Школа ужасов, стр. 23

Корнтел почтительно отвечал– да, папа, да, заместитель директора, да, все как скажешь. Это было куда проще, чем спорить, и гораздо безопаснее, чем открыть отцу истину. Он-то знал, что никогда не продвинется дальше должности заведующего «Эреба» и старшего преподавателя английского языка. Он не испытывал потребности что-то доказывать самому себе или другим. Его терзали другие потребности, совсем другие.
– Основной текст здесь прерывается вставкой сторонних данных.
Let primitive_endpoints : primitive 1 - primitive 0 = kernel_integral t.
Proof.
  assert (Hsqrt := Rlt_sqrt3_0).
  assert (Hm : 0 < 1 - t + t ^ 2) by nra.
  assert (Hp : 0 < (1 + t) ^ 2) by (apply pow2_gt_0; lra).
  unfold primitive, lin, quad.
  replace ((1 + t) ^ 2 - 3 * t * 1) with (1 - t + t ^ 2) by ring.
  replace ((1 + t) ^ 2 - 3 * t * 0) with ((1 + t) ^ 2) by ring.
  replace ((3 * t * 1) ^ 2 + b * (3 * t * 1) + (1 - t + t ^ 2) ^ 2)
    with ((1 + t) ^ 2 * (1 - t + t ^ 2)) by (unfold b; ring).
  replace ((3 * t * 0) ^ 2 + b * (3 * t * 0) + (1 - t + t ^ 2) ^ 2)
    with ((1 - t + t ^ 2) * (1 - t + t ^ 2)) by ring.
  replace ((3 * t * 1 + b / 2) / K) with ((1 + t) / (sqrt 3 * (1 - t)))
    by (unfold b, K; field; split; nra).
  replace ((3 * t * 0 + b / 2) / K) with ((t ^ 2 - 4 * t + 1) / (sqrt 3 * (1 - t ^ 2)))
    by (unfold b, K; field; split; nra).
  rewrite !ln_mult by lra.
  assert (Hatan := atan_triple_identity t t_range).
  replace (atan ((t ^ 2 - 4 * t + 1) / (sqrt 3 * (1 - t ^ 2))))
    with (atan ((1 + t) / (sqrt 3 * (1 - t))) - 3 * atan_part t) by lra.
  unfold kernel_integral, log_part. rewrite ln_div by lra.
  replace (2 * t * (1 + t) / (sqrt 3 * ((1 + t + t ^ 2) * (1 - t))))
    with (2 * sqrt 3 / 3 * (t * (1 + t) / ((1 + t + t ^ 2) * (1 - t)))).
  2: { field_simplify_eq; [|split; nra]. rewrite pow2_sqrt; lra. }
  field. split; nra.
Qed.

Lemma is_RInt_kernel_uval : is_RInt (kernel (uval t)) 0 1 (kernel_integral t).
Proof.
  rewrite <- primitive_endpoints.
  apply is_RInt_derive_R; [lra | apply is_derive_primitive |].
  intros s Hs. assert (Hden := kernel_uval_denominator_neq_0 s Hs).
  apply ex_derive_continuous_R. unfold kernel. auto_derive.
  contradict Hden. rewrite <- Hden. simpl. ring.
Qed.

End Kernel_integral.

(** * The differential equation *)

Definition closed_form (t : R) : R := 6 * atan_part t ^ 2 - 1 / 2 * log_part t ^ 2.

Lemma is_derive_log_part (t : R) : -1 < t ->
  is_derive log_part t (- 3 * (1 - t) / (1 + t ^ 3)).
Proof.
  intros Ht. assert (H := one_plus_cube_pos t Ht). unfold log_part. auto_derive.
  - split; [nra|]. split; [|auto].
    apply Rmult_lt_0_compat; [nra | apply Rinv_0_lt_compat; nra].
  - field. repeat split; nra.
Qed.

Lemma is_derive_uval (t : R) : -1 < t ->
  is_derive uval t (81 * t ^ 2 * (1 - t ^ 3) / (1 + t ^ 3) ^ 3).
Proof.
  intros Ht. assert (H := one_plus_cube_pos t Ht). unfold uval. auto_derive.
  - nra.
  - field. nra.
Qed.

Lemma is_derive_closed_form (t : R) : -1 < t < 2 ->
  is_derive closed_form t
    (12 * atan_part t * (sqrt 3 / (2 * (1 - t + t ^ 2))) + 3 * (1 - t) / (1 + t ^ 3) * log_part t).
Proof.
  intros Ht. evar_last.
  - exact (is_derive_minus _ _ _ _ _
             (is_derive_scal _ _ 6 _ (is_derive_pow _ 2 _ _ (is_derive_atan_part t ltac:(lra))))
             (is_derive_scal _ _ (1 / 2) _
                (is_derive_pow _ 2 _ _ (is_derive_log_part t ltac:(lra))))).
  - unfold minus, plus, opp; simpl. field. assert (H := one_plus_cube_pos t ltac:(lra)). nra.
Qed.

Lemma uval_mul_PSeries_derive (t : R) : -1 < t < 1 -> Rabs (uval t) < coef_radius ->
  uval t * PSeries (PS_derive coef) (uval t) = kernel_integral t.
Proof.
  intros Ht Hu.
  assert (Hseries := is_series_coef_kernel _ _ Hu (is_RInt_kernel_uval t Ht)).
  unfold PSeries. rewrite <- Series_scal_l.
  apply is_series_unique. eapply is_series_ext; [|exact Hseries].
  intros n. unfold PS_derive. simpl. ring.
Qed.

(* The differential equation [u F'(u) = kernel_integral t] at [u = uval t] is exactly
   [d/dt F (uval t) = d/dt closed_form t]. *)
Lemma is_derive_PSeries_uval_minus_closed_form (t : R) :
  -1 < t < 1 -> t <> 0 -> Rabs (uval t) < coef_radius ->
  is_derive (fun z => PSeries coef (clamp coef_radius (uval z)) - closed_form z) t 0.
Proof.
  intros Ht Ht0 Hu.
  assert (HF := is_derive_PSeries_clamp coef coef_radius ltac:(unfold coef_radius; lra)
                  ex_series_coef_radius _ Hu).
  evar_last.
  - exact (is_derive_minus _ _ _ _ _
             (is_derive_comp _ uval t _ _ HF (is_derive_uval t ltac:(lra)))
             (is_derive_closed_form t ltac:(lra))).
  - assert (Huval : uval t <> 0).
    { unfold uval. assert (t ^ 3 <> 0) by (apply pow_nonzero; exact Ht0).
      assert (Hcube := one_plus_cube_pos t ltac:(lra)).
      apply Rmult_integral_contrapositive. split; [lra|].
      apply Rinv_neq_0_compat, pow_nonzero. lra. }
    replace (PSeries (PS_derive coef) (uval t)) with (kernel_integral t / uval t)
      by (rewrite <- (uval_mul_PSeries_derive t Ht Hu); field; exact Huval).
    assert (H := one_plus_cube_pos t ltac:(lra)).
    assert (t ^ 3 <> 0) by (apply pow_nonzero; exact Ht0).
    assert (1 - t ^ 3 <> 0) by nra.
    unfold minus, plus, opp, scal; simpl; unfold mult; simpl.
    unfold kernel_integral, uval. field. repeat split; nra.
Qed.

Definition admissible (t : R) : Prop := -1 < t <= 1 /\ 4 * Rabs (t ^ 3) <= (1 + t ^ 3) ^ 2.

Lemma Rabs_uval (t : R) : -1 < t -> Rabs (uval t) = 27 * Rabs (t ^ 3) / (1 + t ^ 3) ^ 2.
Proof.
  intros Ht. unfold uval, Rdiv.
  rewrite !Rabs_mult, Rabs_inv, (Rabs_right 27), (Rabs_right ((1 + t ^ 3) ^ 2));
    [reflexivity | | lra].
  apply Rle_ge, pow2_ge_0.
Qed.

Lemma Rabs_uval_le (t : R) : admissible t -> Rabs (uval t) <= coef_radius.
Proof.
  intros [Ht Hw]. rewrite Rabs_uval by lra. unfold coef_radius.
  assert (Hpos := one_plus_cube_pos t ltac:(lra)).
  assert (0 < (1 + t ^ 3) ^ 2) by (apply pow2_gt_0; lra).
  apply Rmult_le_reg_r with ((1 + t ^ 3) ^ 2); [lra|].
  replace (27 * Rabs (t ^ 3) / (1 + t ^ 3) ^ 2 * (1 + t ^ 3) ^ 2) with (27 * Rabs (t ^ 3))
    by (field; lra).
  lra.
Qed.

Lemma Rabs_uval_lt (t : R) : -1 < t -> 4 * Rabs (t ^ 3) < (1 + t ^ 3) ^ 2 ->
  Rabs (uval t) < coef_radius.
Proof.
  intros Ht Hw. rewrite Rabs_uval by lra. unfold coef_radius.
  assert (Hpos := one_plus_cube_pos t ltac:(lra)).
  assert (0 < (1 + t ^ 3) ^ 2) by (apply pow2_gt_0; lra).
  apply Rmult_lt_reg_r with ((1 + t ^ 3) ^ 2); [lra|].
  replace (27 * Rabs (t ^ 3) / (1 + t ^ 3) ^ 2 * (1 + t ^ 3) ^ 2) with (27 * Rabs (t ^ 3))
    by (field; lra).
  lra.
Qed.

(* On the segment strictly between [0] and an admissible [t] the bound is strict:
   for [y > 0] as [y^3 < 1], and for [y < 0] because [w^2 + 6 w + 1] increases on [w > -3]. *)
Lemma admissible_between_strict (t y : R) : admissible t -> (0 < y < t \/ t < y < 0) ->
  4 * Rabs (y ^ 3) < (1 + y ^ 3) ^ 2.
Proof.
  intros [Ht Hw] [Hy | Hy].
  - assert (0 < y ^ 3 < 1).
    { replace (y ^ 3) with (y * y * y) by ring.
      split; [apply Rmult_lt_0_compat; [apply Rmult_lt_0_compat|] |]; nra. }
    rewrite Rabs_right by lra. assert (0 < (1 - y ^ 3) ^ 2) by (apply pow2_gt_0; lra). nra.
  - assert (Hcube : t ^ 3 < y ^ 3 < 0).
    { replace (y ^ 3) with (- ((- y) * (- y) * (- y))) by ring.
      replace (t ^ 3) with (- ((- t) * (- t) * (- t))) by ring.
      split; [|assert (0 < (- y) * (- y) * (- y)) by (apply Rmult_lt_0_compat;
                 [apply Rmult_lt_0_compat|]; lra); lra].
      apply Ropp_lt_contravar. apply Rmult_le_0_lt_compat; try nra. }
    assert (-1 < t ^ 3) by (assert (H := one_plus_cube_pos t ltac:(lra)); lra).
    rewrite Rabs_left in Hw by lra. rewrite Rabs_left by lra.
    assert (0 < (y ^ 3 - t ^ 3) * (y ^ 3 + t ^ 3 + 6)) by (apply Rmult_lt_0_compat; lra).
    nra.
Qed.

Lemma uval_0 : uval 0 = 0.
Proof. unfold uval. field. Qed.

Lemma closed_form_0 : closed_form 0 = 0.
Proof.
  unfold closed_form, log_part. rewrite atan_part_0.
  replace ((1 - 0 + 0 ^ 2) / (1 + 0) ^ 2) with 1 by field. rewrite ln_1. ring.
Qed.

Lemma PSeries_coef_uval (t : R) : admissible t -> PSeries coef (uval t) = closed_form t.
Proof.
  intros Ht.
  set (phi := fun z => PSeries coef (clamp coef_radius (uval z)) - closed_form z).
  assert (Hphi0 : phi 0 = 0).
  { unfold phi.
    rewrite uval_0, clamp_id, PSeries_0, closed_form_0
      by (rewrite Rabs_R0; unfold coef_radius; lra).
    simpl. ring. }
  assert (Hphi : phi t = phi 0).
  { destruct (Req_dec t 0) as [-> | Ht0]; [reflexivity|].
    destruct Ht as [Ht Hw].
    apply eq_of_is_derive_0.
    - intros y Hy.
      assert (Hy' : 0 < y < t \/ t < y < 0)
        by (revert Hy; unfold Rmin, Rmax; destruct Rle_dec; lra).
      apply is_derive_PSeries_uval_minus_closed_form; [lra | lra |].
      apply Rabs_uval_lt; [lra|]. apply (admissible_between_strict t); [split |]; assumption.
    - intros y Hy.
      assert (Hy' : -1 < y <= 1) by (revert Hy; unfold Rmin, Rmax; destruct Rle_dec; lra).
      apply continuity_pt_minus.
      + apply (continuity_pt_comp uval (fun v => PSeries coef (clamp coef_radius v))).
        * exact (continuity_pt_of_is_derive _ _ _ (is_derive_uval y ltac:(lra))).
        * apply continuity_PSeries_clamp; [unfold coef_radius; lra | exact ex_series_coef_radius].
      + exact (continuity_pt_of_is_derive _ _ _ (is_derive_closed_form y ltac:(lra))). }
  rewrite Hphi0 in Hphi. unfold phi in Hphi.
  rewrite clamp_id in Hphi by (apply Rabs_uval_le, Ht). lra.
Qed.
– Пустил в ход старые связи, а, Джон?

Корнтел вздрогнул, когда чужой голос прозвучал у самого его уха. Коуфри Питт, учитель немецкого, старший преподаватель по иностранным языкам, тоже явился выпить кофе. Нынче утром Питт выглядел особенно неухоженным. Редкие пряди волос густо усеяла перхоть, шишковатая физиономия плохо выбрита, из правой ноздри торчит, точно морская водоросль, пук волос. Правый рукав мантии протерся вдоль шва, он так и не удосужился отряхнуть мел с выглядывающих из-под мантии серых брюк.

– Прошу прощения? – переспросил Корнтел, наконец-то добавив молока и сахара в свой остывший кофе.

Питт наклонился ближе к нему, заговорил негромко, заговорщически, точно об общей тайне:

– Я сказал– ты пустил в ход старые связи. Этот парень из Скотленд-Ярда твой давний школьный приятель, верно?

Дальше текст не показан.